What to produce →
From top to bottom, each entry below must be reproduced exactly.

Data for the task START

(* Let $T\in\mathbb{N}$, $\alpha\in(0,1)$, $\lambda\ge0$, $\delta\in(0,1)$, and let $\mathcal{H}=\{k/(H-1):k=0,\dots,H-1\}$ with $H\ge2$. Run the ExAUL algorithm (described in the context) with $\eta=2\gamma=\sqrt{\ln|\mathcal{H}|/T}$ against an adaptive adversary. Then with probability at least $1-\delta$, $$\mathrm{Reg}_T:=\sum_{t=1}^T\ell_t(\tau_t)-\min_{\tau\in\mathcal{H}}\sum_{t=1}^T\ell_t(\tau)\le4\sqrt{T\ln|\mathcal{H}|}+\Big(1+\sqrt{\frac{T}{\ln|\mathcal{H}|}}\Big)\ln\frac2\delta.$$
   Context: Protocol. For $t=1,\dots,T$: an adaptive adversary chooses an input $\mathbf{x}_t$ (determining a score $f_t=f(\mathbf{x}_t,G(\mathbf{x}_t))\in[0,1)$ for a fixed generator $G$ and fixed scoring function $f$) and a feedback value $c_t\in[0,1]$ for the answer $G(\mathbf{x}_t)$; these may depend on $\tau_1,\dots,\tau_{t-1}$ but not on $\tau_t$. The learner picks $\tau_t\in\mathcal{H}$; it answers if $f_t\ge\tau_t$ and outputs IDK otherwise; it observes $f_t$ and, as partial feedback, $e_t$, which equals $c_t$ when it answers. Losses: for $\tau\in\mathcal{H}$, $a_t(\tau)=\mathbf{1}(f_t<\tau)$, $d_t(\tau,\alpha)=\mathbf{1}(f_t\ge\tau)c_t-\alpha\mathbf{1}(f_t\ge\tau)+\alpha$, $\ell_t(\tau)=\frac{a_t(\tau)+\lambda d_t(\tau,\alpha)}{1+\lambda}\in[0,1]$. ExAUL algorithm (parameters $\eta,\gamma>0$): $w_1(\tau)=1/|\mathcal{H}|$. At round $t$: $p_t(\tau)=w_t(\tau)/\sum_{\tau'}w_t(\tau')$; draw $\tau_t\sim p_t$; observe $f_t,e_t$; let $\mathcal{H}_t(\tau')=\{\tau\in\mathcal{H}:\tau\le f_t\}$ if $f_t\ge\tau'$ and $\{\tau\in\mathcal{H}:\tau>f_t\}$ otherwise; set for all $\tau\in\mathcal{H}$ $$\tilde\ell_t(\tau)=\frac{\ell_t(\tau)\,\mathbf{1}(\tau\in\mathcal{H}_t(\tau_t))}{\gamma+\sum_{\bar\tau\in\mathcal{H}_t(\tau_t)}\mathbf{1}(\tau\in\mathcal{H}_t(\bar\tau))\,p_t(\bar\tau)};$$ update $w_{t+1}(\tau)\propto\exp(-\eta\sum_{s=1}^t\tilde\ell_s(\tau))$. *)

From HB Require Import structures.
From mathcomp Require Import all_boot all_order all_algebra.
From mathcomp Require Import reals.
From mathcomp.analysis Require Import sequences exp.
Set Implicit Arguments. Unset Strict Implicit. Unset Printing Implicit Defensive.
Import Order.TTheory GRing.Theory Num.Theory.
Local Open Scope ring_scope.

(* Hypothesis set H = {k/(H-1) : k = 0..H-1} with H = n.+1, indexed by 'I_n.+1.
   Rounds are 0-based: round t (t = 0..T-1) corresponds to round t+1 of the paper.
   A history h : seq 'I_n.+1 is the list of indices of the thresholds chosen
   in the previous rounds (so size h = t at round t).
   The adaptive adversary is given by f, c : nat -> seq 'I_n.+1 -> R:
   at round t with past choices h it plays f_t = f t h and c_t = c t h. *)
Section ExAUL.
Variable R : realType.
Variable n : nat.
Local Notation I := 'I_n.+1.

Definition thr (k : I) : R := k%:R / n%:R.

Data for the task END

Written reply →
(* Let $T\in\mathbb{N}$, $\alpha\in(0,1)$, $\lambda\ge0$, $\delta\in(0,1)$, and let $\mathcal{H}=\{k/(H-1):k=0,\dots,H-1\}$ with $H\ge2$. Run the ExAUL algorithm (described in the context) with $\eta=2\gamma=\sqrt{\ln|\mathcal{H}|/T}$ against an adaptive adversary. Then with probability at least $1-\delta$, $$\mathrm{Reg}_T:=\sum_{t=1}^T\ell_t(\tau_t)-\min_{\tau\in\mathcal{H}}\sum_{t=1}^T\ell_t(\tau)\le4\sqrt{T\ln|\mathcal{H}|}+\Big(1+\sqrt{\frac{T}{\ln|\mathcal{H}|}}\Big)\ln\frac2\delta.$$
   Context: Protocol. For $t=1,\dots,T$: an adaptive adversary chooses an input $\mathbf{x}_t$ (determining a score $f_t=f(\mathbf{x}_t,G(\mathbf{x}_t))\in[0,1)$ for a fixed generator $G$ and fixed scoring function $f$) and a feedback value $c_t\in[0,1]$ for the answer $G(\mathbf{x}_t)$; these may depend on $\tau_1,\dots,\tau_{t-1}$ but not on $\tau_t$. The learner picks $\tau_t\in\mathcal{H}$; it answers if $f_t\ge\tau_t$ and outputs IDK otherwise; it observes $f_t$ and, as partial feedback, $e_t$, which equals $c_t$ when it answers. Losses: for $\tau\in\mathcal{H}$, $a_t(\tau)=\mathbf{1}(f_t<\tau)$, $d_t(\tau,\alpha)=\mathbf{1}(f_t\ge\tau)c_t-\alpha\mathbf{1}(f_t\ge\tau)+\alpha$, $\ell_t(\tau)=\frac{a_t(\tau)+\lambda d_t(\tau,\alpha)}{1+\lambda}\in[0,1]$. ExAUL algorithm (parameters $\eta,\gamma>0$): $w_1(\tau)=1/|\mathcal{H}|$. At round $t$: $p_t(\tau)=w_t(\tau)/\sum_{\tau'}w_t(\tau')$; draw $\tau_t\sim p_t$; observe $f_t,e_t$; let $\mathcal{H}_t(\tau')=\{\tau\in\mathcal{H}:\tau\le f_t\}$ if $f_t\ge\tau'$ and $\{\tau\in\mathcal{H}:\tau>f_t\}$ otherwise; set for all $\tau\in\mathcal{H}$ $$\tilde\ell_t(\tau)=\frac{\ell_t(\tau)\,\mathbf{1}(\tau\in\mathcal{H}_t(\tau_t))}{\gamma+\sum_{\bar\tau\in\mathcal{H}_t(\tau_t)}\mathbf{1}(\tau\in\mathcal{H}_t(\bar\tau))\,p_t(\bar\tau)};$$ update $w_{t+1}(\tau)\propto\exp(-\eta\sum_{s=1}^t\tilde\ell_s(\tau))$. *)

From HB Require Import structures.
From mathcomp Require Import all_boot all_order all_algebra.
From mathcomp Require Import reals.
From mathcomp.analysis Require Import sequences exp.
Set Implicit Arguments. Unset Strict Implicit. Unset Printing Implicit Defensive.
Import Order.TTheory GRing.Theory Num.Theory.
Local Open Scope ring_scope.

(* Hypothesis set H = {k/(H-1) : k = 0..H-1} with H = n.+1, indexed by 'I_n.+1.
   Rounds are 0-based: round t (t = 0..T-1) corresponds to round t+1 of the paper.
   A history h : seq 'I_n.+1 is the list of indices of the thresholds chosen
   in the previous rounds (so size h = t at round t).
   The adaptive adversary is given by f, c : nat -> seq 'I_n.+1 -> R:
   at round t with past choices h it plays f_t = f t h and c_t = c t h. *)
Section ExAUL.
Variable R : realType.
Variable n : nat.
Local Notation I := 'I_n.+1.

Definition thr (k : I) : R := k%:R / n%:R.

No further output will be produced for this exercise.